У меня воспоминания путаные, мне ведь было всего пять лет. Помню, как меня с мамой и двумя сестричками — Шурой и Риммой привезли в лагерь, наверное, это был Майданек.

Риммочка была совсем маленькая, грудняшка. Мама держала ее на руках, а мы с Шурочкой держались за мамину юбку. Риммочка была очень красивая, как кукла, с большими голубыми глазами. Она всем нравилась. Мама подносила ее к окну барака, и польки, проходя мимо, тихонько совали ей что-нибудь из еды.

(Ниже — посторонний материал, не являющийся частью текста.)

(* A left ideal containing an invertible element contains 1, hence all of A. *)
Lemma proper_left_ideal_no_invertible L w :
  left_ideal mul L -> proper_set L -> L w -> ~ invertible mul one w.
Proof.
move=> [_ HL] [z nLz] Lw [b [_ hbw]]; apply: nLz.
by rewrite -(mul1r HA z); apply: (HL); rewrite -hbw; exact: HL.
Qed.

End InvertibleElements.

Lemma nonzero_of_not_zero (F : fieldType) (A : lmodType F) (K : A -> Prop) :
  ~ zero_set K -> nonzero_set K.
Proof.
move=> nz; apply: NNPP => nK; apply: nz => x Kx.
by apply: NNPP => nx; apply: nK; exists x.
Qed.

Lemma proper_of_not_full (F : fieldType) (A : lmodType F) (K : A -> Prop) :
  ~ full_set K -> proper_set K.
Proof.
move=> nf; apply: NNPP => nK; apply: nf => x.
by apply: NNPP => nx; apply: nK; exists x.
Qed.

Section DerivationWithInvertibleValues.
Variables (F : fieldType) (A : lmodType F) (mul : A -> A -> A) (one : A).
Hypothesis HA : unital_alt_algebra mul one.
Variable d : A -> A.
Hypothesis Hd : deriv_inv_values mul one d.

Lemma derD x y : d (x + y) = d x + d y.
Proof. by case: Hd => [[H _] _ _]; have := H 1 x y; rewrite !scale1r. Qed.

Lemma der0 : d 0 = 0.
Proof. by apply: (addrI (d 0)); rewrite -derD !addr0. Qed.

Lemma derN x : d (- x) = - d x.
Proof. by apply: (addrI (d x)); rewrite -derD !subrr der0. Qed.

Lemma derB x y : d (x - y) = d x - d y.
Proof. by rewrite derD derN. Qed.

Lemma derM x y : d (mul x y) = mul (d x) y + mul x (d y).
Proof. by case: Hd => [[_ H] _ _]. Qed.

Lemma der_invertible x : d x <> 0 -> invertible mul one (d x).
Proof. by case: Hd => _ _ Hinv nx; case: (Hinv x). Qed.

Lemma exists_invertible_value : exists a, invertible mul one (d a).
Proof. by case: Hd => _ [a na] _; exists a; exact: der_invertible. Qed.

(* d vanishes on no nonzero left ideal: for a with d a invertible and x in L,
   0 = d (a x) = d a * x, hence x = 0. *)
Lemma left_ideal_der_vanish_zero L :
  left_ideal mul L -> (forall x, L x -> d x = 0) -> zero_set L.
Proof.
move=> [_ HL] dL0 x Lx; have [a inv_da] := exists_invertible_value.
apply: (invertible_cancel HA inv_da).
by have := dL0 _ (HL a x Lx); rewrite derM (dL0 _ Lx) (mul0r HA) addr0.
Qed.

Lemma left_ideal_der_nonzero L :
  left_ideal mul L -> nonzero_set L -> exists x, L x /\ d x <> 0.
Proof.
move=> HL [x0 [Lx0 nx0]]; apply: NNPP => nd; apply/nx0.
apply: (left_ideal_der_vanish_zero HL) => // x Lx.
by apply: NNPP => nx; apply: nd; exists x.
Qed.

(* A = d(K) + K for every nonzero left ideal K: with k in K, d k invertible of
   inverse v, we have y = d ((y v) k) - d (y v) k by the inverse property. *)
Lemma left_ideal_decompose K : left_ideal mul K -> nonzero_set K ->
  forall y, exists k1 k2, [/\ K k1, K k2 & y = d k1 - k2].
Proof.
move=> HK nK y; have [k [Kk nk]] := left_ideal_der_nonzero HK nK.
have [v [hkv hvk]] := der_invertible nk.
exists (mul (mul y v) k), (mul (d (mul y v)) k); split; try exact: HK.2.
by rewrite derM (inverse_property_right HA y hkv hvk) addrC addKr.
Qed.

Lemma left_ideal_sub_eq K L : left_ideal mul K -> proper_set K ->
  left_ideal mul L -> nonzero_set L -> set_sub L K -> set_eq L K.
Proof.
move=> HK pK HL nL sLK y; split; first exact: sLK.
move=> Ky; have [l1 [l2 [Ll1 Ll2 ey]]] := left_ideal_decompose HL nL y.
rewrite ey in Ky *.
have Kdl1 : K (d l1).
  rewrite -(subrK l2 (d l1)); case: (HK) => [[_ KD _] _].
  exact: KD Ky (sLK _ Ll2).
have dl1 : d l1 = 0.
  apply: NNPP => nd.
  exact: (proper_left_ideal_no_invertible HA HK pK Kdl1 (der_invertible nd)).
by rewrite dl1 sub0r -scaleN1r; case: HL => [[_ _ LZ] _]; exact: LZ.
Qed.

Lemma left_ideal_min_max L : left_ideal mul L -> nonzero_set L -> proper_set L ->
  minimal_left_ideal mul L /\ maximal_left_ideal mul L.
Proof.
move=> HL nL pL; split; split => // K HK.
- move=> sKL; case: (classic (zero_set K)) => [|nz]; [by left | right].
  exact: (left_ideal_sub_eq HL pL HK (nonzero_of_not_zero nz) sKL).
- move=> sLK; case: (classic (full_set K)) => [|nf]; [by right | left].
  move=> x; apply: iff_sym; move: x.
  exact: (left_ideal_sub_eq HK (proper_of_not_full nf) HL nL sLK).
Qed.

Вскоре я заболела тифом. Лежала в ревире лагерной больницы на нижних нарах. Мама приходила проведывать меня. Но в барак ее, конечно, не допускали. Вообще приходить в ревир было запрещено, он был огорожен колючей проволокой. Мама стояла за проволокой, а я выходила к ней. Мама всегда приносила с собой солдатский котелок. Я через проволоку украдкой брала у нее котелок и сливала туда все, что оставалось от больных, которые есть не могли или не доедали свою пайку. В ревире кормили получше, чем в бараке. Давали суп из непросеянного овса, а иногда даже кашу. Мои «передачи» ели втроем — мама, Шура и Риммочка, потому что молоко у мамы пропало. Кормить Риммочку было нечем.

Если матери удавалось дождаться меня, я передавала ей котелок сразу. А если ее успевали отогнать, то старалась спрятать котелок с пищей у себя на нарах, чтоб отдать маме, когда она придет снова.

Еще помню, как на нарах рядом со мной лежала мертвая женщина. Она умерла ночью, но ее не убирали до утра. Это была очень страшная ночь для меня.

Помню, что после болезни к маме я не вернулась. Однажды сделали аппель, я стояла вместе с другими детьми, а немцы ходили по рядам и отбирали нас. Меня отобрали тоже, и после этого аппеля меня увезли в другой концлагерь, детский. Маму с Шурой потом перегнали в Освенцим. А Риммочка умерла в Майданеке, и ее сожгли.